Between memos berating him for failing to create a suitable film for Turner, Williams took to writing The Gentleman Caller, a cinematic version of his original short story. Throughout the new scripts, Williams tinkered with where the young girl waited for her callers and how actively she pursued them or they her. Her inability to hold onto the mysterious man, however, remained constant.

Was this because Williams saw his spinster sister and a bit of himself in Laura? Or was it because this girl and the world she introduced Williams to helped clarify a senseless time? As Williams neared his stage version, which premiered here in Chicago December 26, 1944 at the Civic Theatre (now enveloped by the Lyric Opera), Hitler had risen to power, Chamberlain ignored rising German nationalism and unsuspecting towns like Guernica were bombed in unprovoked attacks.

Williams firmly set the play during a global shift with Tom’s opening monologue and frames the saga with The Great Depression.

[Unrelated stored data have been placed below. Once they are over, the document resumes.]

Lemma model_of_ultraproduct (L : Lang) (T : theory L) (I : Type) (F : set_system I)
    (M : I -> structure L) {F_ultra : UltraFilter F} :
  (forall i, model_of T (M i)) -> model_of T (ultraproduct F M).
Proof.
move=> M_model; have M_inh i := (M_model i).1; split.
  by constructor; exact: class_of (fun i => epsilon (M_inh i) (fun _ => True)).
move=> phi Tphi rho.
have -> : rho = (fun x => class_of (@ueq L I F M) (class_rep (rho x))).
  by apply: functional_extensionality => x; rewrite class_of_rep.
by apply/(sat_ultraproduct M_inh); apply: filterE => i; exact: (M_model i).2.
Qed.

Section Compactness.
Variables (L : Lang) (T : theory L) (V : Type) (S : lit L V -> Prop).
Hypothesis S_finsat : forall l : seq (lit L V),
  (forall s, List.In s l -> S s) -> satisfiable T (fun s => List.In s l).

Theorem compactness : satisfiable T S.
Proof.
pose D : set (seq (lit L V)) := fun l => forall s, List.In s l -> S s.
pose I := {l | D l}.
have /choice [Mv Mv_spec] : forall i : I, exists Bv : {B : structure L & V -> B},
    model_of T (projT1 Bv) /\ forall s, List.In s (sval i) -> lsat (projT2 Bv) s.
  by move=> i; have [B [v Hv]] := S_finsat (svalP i); exists (existT _ B v).
pose cone l : set I := fun i => forall s, List.In s l -> List.In s (sval i).
have cone_proper : ProperFilter (filter_from D cone).
  apply: filter_from_proper => [|l Dl]; last by exists (exist _ l Dl).
  apply: filter_from_filter => [|l1 l2 D1 D2]; first by exists [::].
  exists (l1 ++ l2)%list => [s Hs|i Hi].
    by case: (List.in_app_or _ _ _ Hs); [exact: D1 | exact: D2].
  by split => s Hs; apply: Hi; apply: List.in_or_app; [left|right].
have [U [U_ultra cone_U]] := ultraFilterLemma cone_proper.
exists (ultraproduct U (fun i => projT1 (Mv i))).
exists (fun x => class_of (@ueq L I U _) (fun i => projT2 (Mv i) x)); split.
  by apply: model_of_ultraproduct => i; exact: (Mv_spec i).1.
move=> s Ss; apply/lsat_ultraproduct.
apply: filterS (cone_U (cone [:: s]) _) => [i Hi|].
  by apply: (Mv_spec i).2; apply: Hi; left.
by exists [:: s] => // s' [<-|[]].
Qed.
(* Let $n,m$ be positive integers, let $A_1,\dots,A_m\in\mathbb{S}_n$, and let $\mathcal{A}:\mathbb{S}_n\to\mathbb{R}^m$, $\mathcal{A}(X)=(\langle A_i,X\rangle)_{i=1}^m$, with adjoint $\mathcal{A}^*(y)=\sum_{i=1}^m y_iA_i$. Assume $\mathcal{A}\mathcal{A}^*$ is invertible. Let $b\in\mathbb{R}^m$, $C\in\mathbb{S}_n$, and $D:=\mathcal{A}^*\big((\mathcal{A}\mathcal{A}^* )^{-1}b\big)$. Assume that the problem $$\inf_{y\in\mathbb{R}^m} b^{\intercal}y\quad\text{s.t.}\quad S=\mathcal{A}^*(y)-C\succeq 0,\ \operatorname{diag}(S)=\mathbf{1}\qquad(\mathrm{DSDP})$$ admits a KKT point (defined in the context). Let $0<\sigma_{\min}<\sigma_{\max}$ and let $\{\varepsilon_k\}_{k\in\mathbb{N}},\{\tau_k\}_{k\in\mathbb{N}}\subseteq(0,\infty)$ satisfy $\sum_{k=0}^\infty\varepsilon_k<\infty$ and $\sum_{k=0}^\infty\tau_k<\infty$. Consider sequences generated as follows: $y^0=0$, $\widetilde{X}^0=0$, and for $k=0,1,2,\dots$: choose $\sigma_k\in[\sigma_{\min},\sigma_{\max}]$, a positive integer $p_{k+1}$ and a matrix $Y^{k+1}\in\mathbb{R}^{n\times p_{k+1}}$ all of whose rows have Euclidean norm $1$; set $S^{k+1}=Y^{k+1}(Y^{k+1})^{\intercal}$, $y^{k+1}=(\mathcal{A}\mathcal{A}^* )^{-1}\mathcal{A}(S^{k+1}+C)$, $\widetilde{X}^{k+1}=\widetilde{X}^k-\sigma_k\big(\mathcal{A}^*(y^{k+1})-S^{k+1}-C\big)$, $z^{k+1}=\operatorname{diag}\big((\widetilde{X}^{k+1}+D)S^{k+1}\big)$, $X^{k+1}=\widetilde{X}^{k+1}+D-\operatorname{Diag}(z^{k+1})$; and suppose $Y^{k+1}$ satisfies the stopping criterion $$\|X^{k+1}Y^{k+1}\|\le\varepsilon_k\quad\text{and}\quad\lambda_{\min}(X^{k+1})\ge-\tau_k .$$ Let $(\hat S,\hat y,\hat X,\hat z)$ be a limit point of $\{(S^k,y^k,X^k,z^k)\}_{k\ge1}$. Then $(\hat S,\hat y,\hat X,\hat z)$ is a KKT point of (DSDP).
   Context: $\mathbb{S}_n$ is the space of real symmetric $n\times n$ matrices, $\mathbb{S}_n^+$ its PSD cone; $\langle A,B\rangle=\mathrm{Tr}(A^{\intercal}B)$ and $\|\cdot\|$ is the Frobenius norm. For a square matrix $M$, $\operatorname{diag}(M)$ is the vector of its diagonal entries; for a vector $z$, $\operatorname{Diag}(z)$ is the diagonal matrix with diagonal $z$; $\mathbf{1}$ is the all-ones vector; $\lambda_{\min}$ denotes the smallest eigenvalue. A KKT point of (DSDP) is a tuple $(S,y,X,z)\in\mathbb{S}_n\times\mathbb{R}^m\times\mathbb{S}_n\times\mathbb{R}^n$ with $S=\mathcal{A}^*(y)-C$, $S\succeq0$, $\operatorname{diag}(S)=\mathbf{1}$, $X\succeq0$, $\langle X,S\rangle=0$, and $\mathcal{A}(X+\operatorname{Diag}(z))=b$. In the paper's algorithm, $Y^{k+1}$ is obtained by approximately minimizing $Y\mapsto L_{\sigma_k}(YY^{\intercal},y^k,\widetilde{X}^k)$ over matrices with unit-norm rows, where $L_\sigma(S,y,\widetilde{X})=\langle D,S+C\rangle-\langle\widetilde{X},\mathcal{A}^*(y)-S-C\rangle+\frac{\sigma}{2}\|\mathcal{A}^*(y)-S-C\|^2$; the result only uses the stopping criterion stated. *)

From HB Require Import structures.
From mathcomp Require Import all_boot all_order all_algebra.
From mathcomp Require Import all_classical all_reals all_analysis.
Set Implicit Arguments. Unset Strict Implicit. Unset Printing Implicit Defensive.
Import Order.TTheory GRing.Theory Num.Theory.
Import numFieldNormedType.Exports.
Local Open Scope ring_scope.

But more importantly, the action unfolds through characters formed by the preceding 70 years: the Civil War (Amanda’s parents); the tail end of Reconstruction (Amanda’s early childhood); and WWI (Tom and Laura’s births and early childhoods).

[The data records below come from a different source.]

(* Let $q$ be a power of an odd prime, let $r\ge1$ be an integer and $t=2r+1$. If for some $\mu\in\mathbb{F}_q$ the polynomial $x^{2r+1}-\mu\in\mathbb{F}_q[x]$ is irreducible, then \[ \chi(G_{q^t})\le\frac{2r+5}{3}\,q^{\frac{4r}{3}+1}+(2r+1)q^{r+1}. \]
   Context: For a power $Q$ of an odd prime, the graph $G_Q$ has vertex set $\mathbb{F}_Q\times\mathbb{F}_Q$, and distinct vertices $(x_1,x_2)$, $(y_1,y_2)$ are adjacent if and only if $(x_1+y_1)^2=x_2+y_2$; $G_Q$ has no loops. $\chi$ denotes the chromatic number. *)

From Stdlib Require Import Reals.
From HB Require Import structures.
From mathcomp Require Import all_boot all_order all_algebra all_field.
Set Implicit Arguments. Unset Strict Implicit. Unset Printing Implicit Defensive.
Import GRing.Theory.

Definition colorableb (V : finType) (e : rel V) (k : nat) : bool :=
  [exists f : {ffun V -> 'I_k},
     [forall x, forall y, ((x != y) && e x y) ==> (f x != f y)]].

Lemma colorable_exists (V : finType) (e : rel V) : exists k, colorableb e k.
Proof.
exists #|V|; apply/existsP; exists [ffun x => enum_rank x].
apply/forallP => x; apply/forallP => y; apply/implyP => /andP [nxy _].
rewrite !ffunE; apply: contra nxy => /eqP H; apply/eqP; exact: enum_rank_inj.
Qed.

Definition chromatic_number (V : finType) (e : rel V) : nat :=
  ex_minn (colorable_exists e).

Definition G_adj (K : finFieldType) : rel (K * K)%type :=
  fun u v => (u != v) && ((u.1 + v.1) ^+ 2 == u.2 + v.2)%R.
Arguments G_adj K : clear implicits.

(* Let E = F[X]/(X^t - mu) with t = 2r + 1, a field of order q^t and hence
   isomorphic to K, so it suffices to colour G_E.  Put d(x) = x2 - 2 x1^2 for
   x = (x1, x2); adjacency x ~ y gives d(x) + d(y) = - (x1 - y1)^2.  Colour x by
   the least a <= r such that the pair of coefficients of d(x) at the positions
   [probe a] is nonzero, together with the r + 1 coefficients of x1 outside the
   window [a, a + r), and a bit that tells this pair from its opposite.  If
   x ~ y share a colour, x1 - y1 is supported in the window, so its square (even
   reduced modulo X^t - mu) vanishes at the probes of a; the pairs of x and y
   are then opposite, and their bits differ since char F <> 2.  Vertices with
   d = 0 form an independent set and get one more colour.  This uses
   2 (r + 1) q^(r+1) + 1 colours, which is below the stated bound.
   The isomorphism K -> E sends a primitive root a of K to a root b in E of the
   minimal polynomial of a over F_p, which divides X^|K| - X; every relation
   between powers of a over F_p then also holds for b. *)

From Stdlib Require Import Reals Lra.
From HB Require Import structures.
From mathcomp Require Import all_boot all_order all_algebra all_field.
From mathcomp Require Import ring zify cyclic.
Set Implicit Arguments. Unset Strict Implicit. Unset Printing Implicit Defensive.
Import GRing.Theory Pdiv.CommonRing Pdiv.RingMonic Pdiv.Field.

Local Open Scope ring_scope.

Lemma colorableb_proper (V T : finType) (e : rel V) (c : V -> T) :
  (forall x y, x != y -> e x y -> c x != c y) -> colorableb e #|T|.
Proof.
move=> c_proper; apply/existsP; exists [ffun x => enum_rank (c x)].
apply/forallP => x; apply/forallP => y; apply/implyP => /andP[x_neq_y xy].
by rewrite !ffunE (inj_eq enum_rank_inj) c_proper.
Qed.

Lemma colorableb_hom (V W : finType) (e : rel V) (e' : rel W) (h : V -> W) n :
    (forall x y, x != y -> e x y -> (h x != h y) && e' (h x) (h y)) ->
  colorableb e' n -> colorableb e n.
Proof.
move=> h_hom /existsP[c /forallP c_proper]; apply/existsP; exists [ffun x => c (h x)].
apply/forallP => x; apply/forallP => y; apply/implyP => /andP[x_neq_y xy].
rewrite !ffunE; have /forallP/(_ (h y))/implyP := c_proper (h x).
by apply; apply: h_hom.
Qed.

Lemma chromatic_number_le (V : finType) (e : rel V) n :
  colorableb e n -> (chromatic_number e <= n)%N.
Proof. by rewrite /chromatic_number; case: ex_minnP => m _; apply. Qed.

Lemma G_adj_rmorph (K E : finFieldType) (f : {rmorphism K -> E}) (x y : K * K) :
  G_adj K x y -> G_adj E (f x.1, f x.2) (f y.1, f y.2).
Proof.
case/andP => x_neq_y /eqP xy; apply/andP; split.
  by apply: contra x_neq_y; rewrite xpair_eqE !(inj_eq (fmorph_inj f)) -pair_eqE.
by rewrite /= -!rmorphD -rmorphXn xy.
Qed.

Lemma colorableb_G_adj_rmorph (K E : finFieldType) (f : {rmorphism K -> E}) n :
  colorableb (G_adj E) n -> colorableb (G_adj K) n.
Proof.
apply: (colorableb_hom (h := fun x => (f x.1, f x.2))) => x y _ xy.
by have adj := G_adj_rmorph f xy; rewrite adj andbT; case/andP: adj.
Qed.

Lemma coef_rmodp_XnsubC (R : comNzRingType) (n : nat) (mu : R) (c : {poly R}) m :
  (size c <= 2 * n)%N -> (m < n)%N ->
  (rmodp c ('X^n - mu%:P))`_m = c`_m + mu * c`_(m + n).
Proof.
move=> c_small m_lt_n; have n_gt0 : (0 < n)%N by apply: leq_ltn_trans m_lt_n.
have c_div : c = drop_poly n c * ('X^n - mu%:P) + (take_poly n c + mu *: drop_poly n c).
  rewrite -{1}(poly_take_drop n c) mulrBr -mul_polyC [_ * mu%:P]mulrC; ring.
rewrite {1}c_div rmodp_addl_mul_small ?monicXnsubC //; last first.
  rewrite size_XnsubC // ltnS (leq_trans (size_polyD _ _)) // geq_max size_take_poly.
  by rewrite (leq_trans (size_scale_leq _ _)) // size_drop_poly leq_subLR addnn -mul2n.
by rewrite coefD coefZ coef_take_poly m_lt_n coef_drop_poly.
Qed.

Lemma coef_sqr_out_window (R : nzRingType) (v : {poly R}) (a n e : nat) :
  (forall i, (i < a)%N || (a + n <= i)%N -> v`_i = 0) ->
  (e < 2 * a)%N || (2 * (a + n) <= e.+1)%N -> (v * v)`_e = 0.
Proof.
move=> v_supp e_out; rewrite coefM big1 // => j _.
have [j_out | j_in] := boolP ((j < a)%N || (a + n <= j)%N).
  by rewrite v_supp ?mul0r.
rewrite (v_supp (e - j)%N) ?mulr0 //.
move: j_in e_out (ltn_ord j); rewrite negb_or -leqNgt -ltnNge; lia.
Qed.

(* [half f] selects one element from each two-element orbit {z, f z} of f. *)
Definition half (T : finType) (f : T -> T) (z : T) : bool :=
  (enum_rank z < enum_rank (f z))%N.

Lemma half_inv (T : finType) (f : T -> T) (z : T) :
  involutive f -> z != f z -> half f (f z) = ~~ half f z.
Proof.
move=> fK z_neq; rewrite /half fK ltnNge leq_eqVlt negb_or val_eqE.
by rewrite (inj_eq enum_rank_inj) z_neq.
Qed.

In truth, the characters in The Glass Menagerie (and its original audience) were caught in a temporal shift, which may account for why the play took so long to catch on and critics returned numerous times to see and review the enigmatic play. The Antebellum world that shaped this play is literally as near to them as The Great Depression is to us–70 years. We too, despite our many technological advances, still grapple with a 70-year- old legacy. Some remember living through the Thirties while others debate the merits of agencies introduced by FDR like Social Security. And like the Wingfields, few of us are prepared for the demands of our new society and the changing etiquette governing many things including online dating.

Considering this, how different are we from Amanda, whose expectations regarding courting are as outdated? Or, Blanche, Maggie and Big Daddy who contend with how to hold onto the vestiges of the old south amidst new ideas of expected behavior. Blanche fares poorly, choosing to step outside her traditional boundaries and engage in physical relations with her young male students and the coarse (as well as ethnic and religious outsider) Stanley Kowalski. Maggie and Big Daddy implode as they struggle to reconcile Brick’s sexual preference with their traditional definitions of masculinity and honoring the family name.

Eventually, The Gentleman Caller morphed into a play entitled The Glass Menagerie. Image projections and supertitles suggest Hollywood influence. But these then-avant garde elements connect Williams to experimental writers and work he discussed or saw while living in New York: O’Neill (memory and narration) Elmer Rice (episodic structure) and Brecht (projections and titles that reveal the essential action of the upcoming scene). Williams also followed their examples for taking the realistic expectations of time and realistic structure and redefining dramatic expectation because he sought to wrap the audience in the experience of the memory rather than simply sharing memories.

Williams noticed how Americans bristled as change confronted them. Religious and ethnic migrations altered neighborhood borders and other social boundaries. Within the fading economic designations of working- and upperclass, he explored the struggles of people learning to occupy the same space. Through that lens, his plays are more than tales of Civil War descendents and immigrants engaging in illicit and sometimes violent romances (as in The Rose Tattoo, Sweet Bird of Youth or Orpheus Descending). They are poetic American dramas that begin with a Southern landscape to illuminate the soul of a nation in the midst of change.